### Action item
Only one stretch of the data below should be repeated: the lines from the line containing "dT (proj t) (proj q) < de)." through the line containing "destruct rho_compatible as", inclusive, exactly as they are.
______
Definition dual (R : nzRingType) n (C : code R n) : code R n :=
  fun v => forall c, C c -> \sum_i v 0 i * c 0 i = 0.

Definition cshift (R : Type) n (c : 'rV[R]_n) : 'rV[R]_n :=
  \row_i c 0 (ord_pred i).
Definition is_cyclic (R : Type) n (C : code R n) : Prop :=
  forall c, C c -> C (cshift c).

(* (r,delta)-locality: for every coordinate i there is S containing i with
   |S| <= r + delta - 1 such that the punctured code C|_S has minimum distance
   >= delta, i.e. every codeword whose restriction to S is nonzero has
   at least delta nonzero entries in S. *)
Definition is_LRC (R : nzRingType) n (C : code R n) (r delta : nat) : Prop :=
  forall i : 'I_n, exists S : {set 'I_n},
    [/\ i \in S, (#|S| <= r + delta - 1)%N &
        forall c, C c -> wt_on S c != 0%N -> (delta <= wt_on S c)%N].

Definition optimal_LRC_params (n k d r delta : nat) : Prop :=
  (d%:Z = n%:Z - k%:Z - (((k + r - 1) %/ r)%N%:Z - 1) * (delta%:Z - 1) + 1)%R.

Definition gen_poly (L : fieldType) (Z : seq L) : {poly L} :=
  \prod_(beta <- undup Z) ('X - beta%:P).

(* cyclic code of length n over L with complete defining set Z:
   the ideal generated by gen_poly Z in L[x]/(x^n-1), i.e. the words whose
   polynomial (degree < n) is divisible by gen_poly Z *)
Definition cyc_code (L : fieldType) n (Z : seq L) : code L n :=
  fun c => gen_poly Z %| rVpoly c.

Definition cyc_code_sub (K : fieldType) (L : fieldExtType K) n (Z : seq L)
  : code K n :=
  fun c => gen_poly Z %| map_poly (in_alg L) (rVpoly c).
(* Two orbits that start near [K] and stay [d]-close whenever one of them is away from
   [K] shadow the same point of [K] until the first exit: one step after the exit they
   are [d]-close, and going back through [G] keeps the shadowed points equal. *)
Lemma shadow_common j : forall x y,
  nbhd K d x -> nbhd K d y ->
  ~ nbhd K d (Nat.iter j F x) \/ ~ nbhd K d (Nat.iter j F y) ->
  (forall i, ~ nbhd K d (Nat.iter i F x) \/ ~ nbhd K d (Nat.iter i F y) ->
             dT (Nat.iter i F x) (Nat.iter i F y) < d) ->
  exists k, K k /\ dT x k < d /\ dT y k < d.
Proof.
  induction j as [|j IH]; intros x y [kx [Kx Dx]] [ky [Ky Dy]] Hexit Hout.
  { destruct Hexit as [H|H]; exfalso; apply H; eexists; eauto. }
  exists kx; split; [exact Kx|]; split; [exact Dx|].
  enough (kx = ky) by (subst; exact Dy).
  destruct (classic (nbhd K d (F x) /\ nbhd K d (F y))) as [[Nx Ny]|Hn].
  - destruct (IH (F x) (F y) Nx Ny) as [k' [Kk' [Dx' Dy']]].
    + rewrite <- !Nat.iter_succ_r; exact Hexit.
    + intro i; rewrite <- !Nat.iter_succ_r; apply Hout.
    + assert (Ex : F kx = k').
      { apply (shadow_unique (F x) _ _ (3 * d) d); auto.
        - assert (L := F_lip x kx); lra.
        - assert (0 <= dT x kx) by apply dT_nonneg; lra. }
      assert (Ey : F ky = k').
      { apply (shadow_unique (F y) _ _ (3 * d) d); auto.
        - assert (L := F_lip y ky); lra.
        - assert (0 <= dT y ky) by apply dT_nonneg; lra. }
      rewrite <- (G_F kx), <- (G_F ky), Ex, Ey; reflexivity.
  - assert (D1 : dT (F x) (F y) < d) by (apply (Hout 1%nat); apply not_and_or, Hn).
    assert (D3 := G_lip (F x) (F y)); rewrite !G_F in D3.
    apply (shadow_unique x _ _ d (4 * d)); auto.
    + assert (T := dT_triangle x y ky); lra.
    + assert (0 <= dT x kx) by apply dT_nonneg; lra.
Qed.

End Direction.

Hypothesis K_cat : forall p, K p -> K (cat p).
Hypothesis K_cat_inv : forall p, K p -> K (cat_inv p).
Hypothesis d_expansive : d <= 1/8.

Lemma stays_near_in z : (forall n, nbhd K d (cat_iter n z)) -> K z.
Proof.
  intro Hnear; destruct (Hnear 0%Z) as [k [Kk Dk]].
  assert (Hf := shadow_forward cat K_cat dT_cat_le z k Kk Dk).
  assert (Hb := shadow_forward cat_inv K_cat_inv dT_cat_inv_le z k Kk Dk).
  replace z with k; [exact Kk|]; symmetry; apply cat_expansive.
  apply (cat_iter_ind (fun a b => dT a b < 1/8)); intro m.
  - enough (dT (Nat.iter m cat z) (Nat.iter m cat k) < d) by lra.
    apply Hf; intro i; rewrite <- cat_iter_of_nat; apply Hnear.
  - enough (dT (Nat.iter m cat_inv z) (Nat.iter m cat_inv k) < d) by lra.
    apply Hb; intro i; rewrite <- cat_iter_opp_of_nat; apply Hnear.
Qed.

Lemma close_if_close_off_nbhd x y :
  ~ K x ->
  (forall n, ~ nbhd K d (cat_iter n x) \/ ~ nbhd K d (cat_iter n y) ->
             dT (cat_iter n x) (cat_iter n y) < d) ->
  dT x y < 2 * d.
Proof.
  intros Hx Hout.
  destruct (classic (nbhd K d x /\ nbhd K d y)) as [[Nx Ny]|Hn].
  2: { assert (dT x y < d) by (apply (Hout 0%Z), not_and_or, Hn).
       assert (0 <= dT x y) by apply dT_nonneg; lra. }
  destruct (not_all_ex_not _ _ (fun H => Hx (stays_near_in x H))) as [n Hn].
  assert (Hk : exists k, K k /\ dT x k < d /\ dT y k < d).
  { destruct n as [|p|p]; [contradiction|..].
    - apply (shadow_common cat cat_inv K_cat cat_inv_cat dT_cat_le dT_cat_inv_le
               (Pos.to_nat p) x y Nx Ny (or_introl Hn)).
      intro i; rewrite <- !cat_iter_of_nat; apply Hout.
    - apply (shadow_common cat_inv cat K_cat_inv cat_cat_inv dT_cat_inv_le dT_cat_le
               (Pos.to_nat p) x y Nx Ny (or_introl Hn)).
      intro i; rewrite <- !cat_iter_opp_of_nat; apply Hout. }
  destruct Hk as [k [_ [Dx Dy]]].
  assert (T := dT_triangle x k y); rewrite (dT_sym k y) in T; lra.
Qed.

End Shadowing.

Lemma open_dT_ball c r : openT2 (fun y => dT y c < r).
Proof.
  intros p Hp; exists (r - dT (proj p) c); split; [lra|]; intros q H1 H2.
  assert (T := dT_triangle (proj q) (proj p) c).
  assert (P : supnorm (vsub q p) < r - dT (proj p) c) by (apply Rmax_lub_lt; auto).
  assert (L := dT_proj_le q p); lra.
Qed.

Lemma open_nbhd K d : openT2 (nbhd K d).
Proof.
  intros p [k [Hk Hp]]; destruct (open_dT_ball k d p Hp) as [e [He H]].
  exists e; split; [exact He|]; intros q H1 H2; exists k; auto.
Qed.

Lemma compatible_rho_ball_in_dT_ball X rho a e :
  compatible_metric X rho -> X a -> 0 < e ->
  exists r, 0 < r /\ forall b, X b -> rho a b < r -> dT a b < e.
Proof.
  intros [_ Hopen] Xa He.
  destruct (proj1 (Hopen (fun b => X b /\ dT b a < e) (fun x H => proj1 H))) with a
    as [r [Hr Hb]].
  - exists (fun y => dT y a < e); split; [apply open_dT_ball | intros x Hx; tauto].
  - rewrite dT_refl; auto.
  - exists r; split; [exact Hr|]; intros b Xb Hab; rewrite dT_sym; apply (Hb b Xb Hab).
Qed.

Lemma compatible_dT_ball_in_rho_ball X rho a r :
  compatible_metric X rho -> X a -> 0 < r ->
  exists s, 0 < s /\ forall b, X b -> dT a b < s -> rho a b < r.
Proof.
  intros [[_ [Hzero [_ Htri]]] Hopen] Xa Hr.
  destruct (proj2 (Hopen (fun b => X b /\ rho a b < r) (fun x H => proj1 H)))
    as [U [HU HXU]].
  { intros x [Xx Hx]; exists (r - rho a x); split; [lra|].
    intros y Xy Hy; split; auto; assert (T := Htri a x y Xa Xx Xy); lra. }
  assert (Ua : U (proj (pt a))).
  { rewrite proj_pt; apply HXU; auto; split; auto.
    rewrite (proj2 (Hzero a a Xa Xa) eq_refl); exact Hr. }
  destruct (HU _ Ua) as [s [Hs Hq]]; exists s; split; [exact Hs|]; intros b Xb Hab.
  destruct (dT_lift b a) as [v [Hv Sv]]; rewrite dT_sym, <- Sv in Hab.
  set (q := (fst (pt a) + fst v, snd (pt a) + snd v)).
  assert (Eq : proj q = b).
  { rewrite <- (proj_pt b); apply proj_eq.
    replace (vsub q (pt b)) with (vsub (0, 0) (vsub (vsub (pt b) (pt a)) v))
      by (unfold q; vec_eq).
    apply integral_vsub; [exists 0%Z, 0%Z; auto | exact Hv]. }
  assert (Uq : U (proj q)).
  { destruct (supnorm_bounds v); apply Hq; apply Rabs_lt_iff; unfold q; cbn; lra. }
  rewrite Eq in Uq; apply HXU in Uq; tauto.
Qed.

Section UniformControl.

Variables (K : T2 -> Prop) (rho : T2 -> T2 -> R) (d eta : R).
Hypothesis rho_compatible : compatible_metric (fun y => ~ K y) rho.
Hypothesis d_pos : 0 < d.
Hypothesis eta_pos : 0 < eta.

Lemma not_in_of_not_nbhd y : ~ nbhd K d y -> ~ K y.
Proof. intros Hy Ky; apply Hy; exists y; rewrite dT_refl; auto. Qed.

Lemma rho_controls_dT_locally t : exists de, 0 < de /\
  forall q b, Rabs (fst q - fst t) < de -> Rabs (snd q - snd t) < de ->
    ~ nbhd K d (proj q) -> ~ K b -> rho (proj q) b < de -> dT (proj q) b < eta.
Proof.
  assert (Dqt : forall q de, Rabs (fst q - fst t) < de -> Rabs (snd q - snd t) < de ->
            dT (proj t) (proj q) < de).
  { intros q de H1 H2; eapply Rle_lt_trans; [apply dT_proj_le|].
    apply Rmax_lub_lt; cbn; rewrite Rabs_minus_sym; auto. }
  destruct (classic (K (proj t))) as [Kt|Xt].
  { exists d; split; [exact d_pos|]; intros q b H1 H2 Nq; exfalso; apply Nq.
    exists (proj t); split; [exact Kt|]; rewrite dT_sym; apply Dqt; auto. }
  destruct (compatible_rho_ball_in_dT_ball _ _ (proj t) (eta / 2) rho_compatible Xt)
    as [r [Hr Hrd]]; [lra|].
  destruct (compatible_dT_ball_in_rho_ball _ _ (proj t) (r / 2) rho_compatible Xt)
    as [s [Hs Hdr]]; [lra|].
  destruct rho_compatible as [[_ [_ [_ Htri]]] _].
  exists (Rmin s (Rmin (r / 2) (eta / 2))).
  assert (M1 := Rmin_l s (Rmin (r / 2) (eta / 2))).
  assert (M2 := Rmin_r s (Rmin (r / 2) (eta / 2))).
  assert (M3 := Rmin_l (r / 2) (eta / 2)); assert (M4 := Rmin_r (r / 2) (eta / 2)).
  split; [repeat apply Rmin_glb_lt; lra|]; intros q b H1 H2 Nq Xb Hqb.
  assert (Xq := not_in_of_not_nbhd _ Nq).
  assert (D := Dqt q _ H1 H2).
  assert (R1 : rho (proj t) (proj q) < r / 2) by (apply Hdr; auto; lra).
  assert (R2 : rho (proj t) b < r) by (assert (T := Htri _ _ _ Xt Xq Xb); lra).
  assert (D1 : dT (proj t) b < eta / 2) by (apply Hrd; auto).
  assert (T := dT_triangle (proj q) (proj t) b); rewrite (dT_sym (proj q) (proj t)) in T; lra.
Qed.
______
### Finished exercise
            dT (proj t) (proj q) < de).
  { intros q de H1 H2; eapply Rle_lt_trans; [apply dT_proj_le|].
    apply Rmax_lub_lt; cbn; rewrite Rabs_minus_sym; auto. }
  destruct (classic (K (proj t))) as [Kt|Xt].
  { exists d; split; [exact d_pos|]; intros q b H1 H2 Nq; exfalso; apply Nq.
    exists (proj t); split; [exact Kt|]; rewrite dT_sym; apply Dqt; auto. }
  destruct (compatible_rho_ball_in_dT_ball _ _ (proj t) (eta / 2) rho_compatible Xt)
    as [r [Hr Hrd]]; [lra|].
  destruct (compatible_dT_ball_in_rho_ball _ _ (proj t) (r / 2) rho_compatible Xt)
    as [s [Hs Hdr]]; [lra|].
  destruct rho_compatible as [[_ [_ [_ Htri]]] _].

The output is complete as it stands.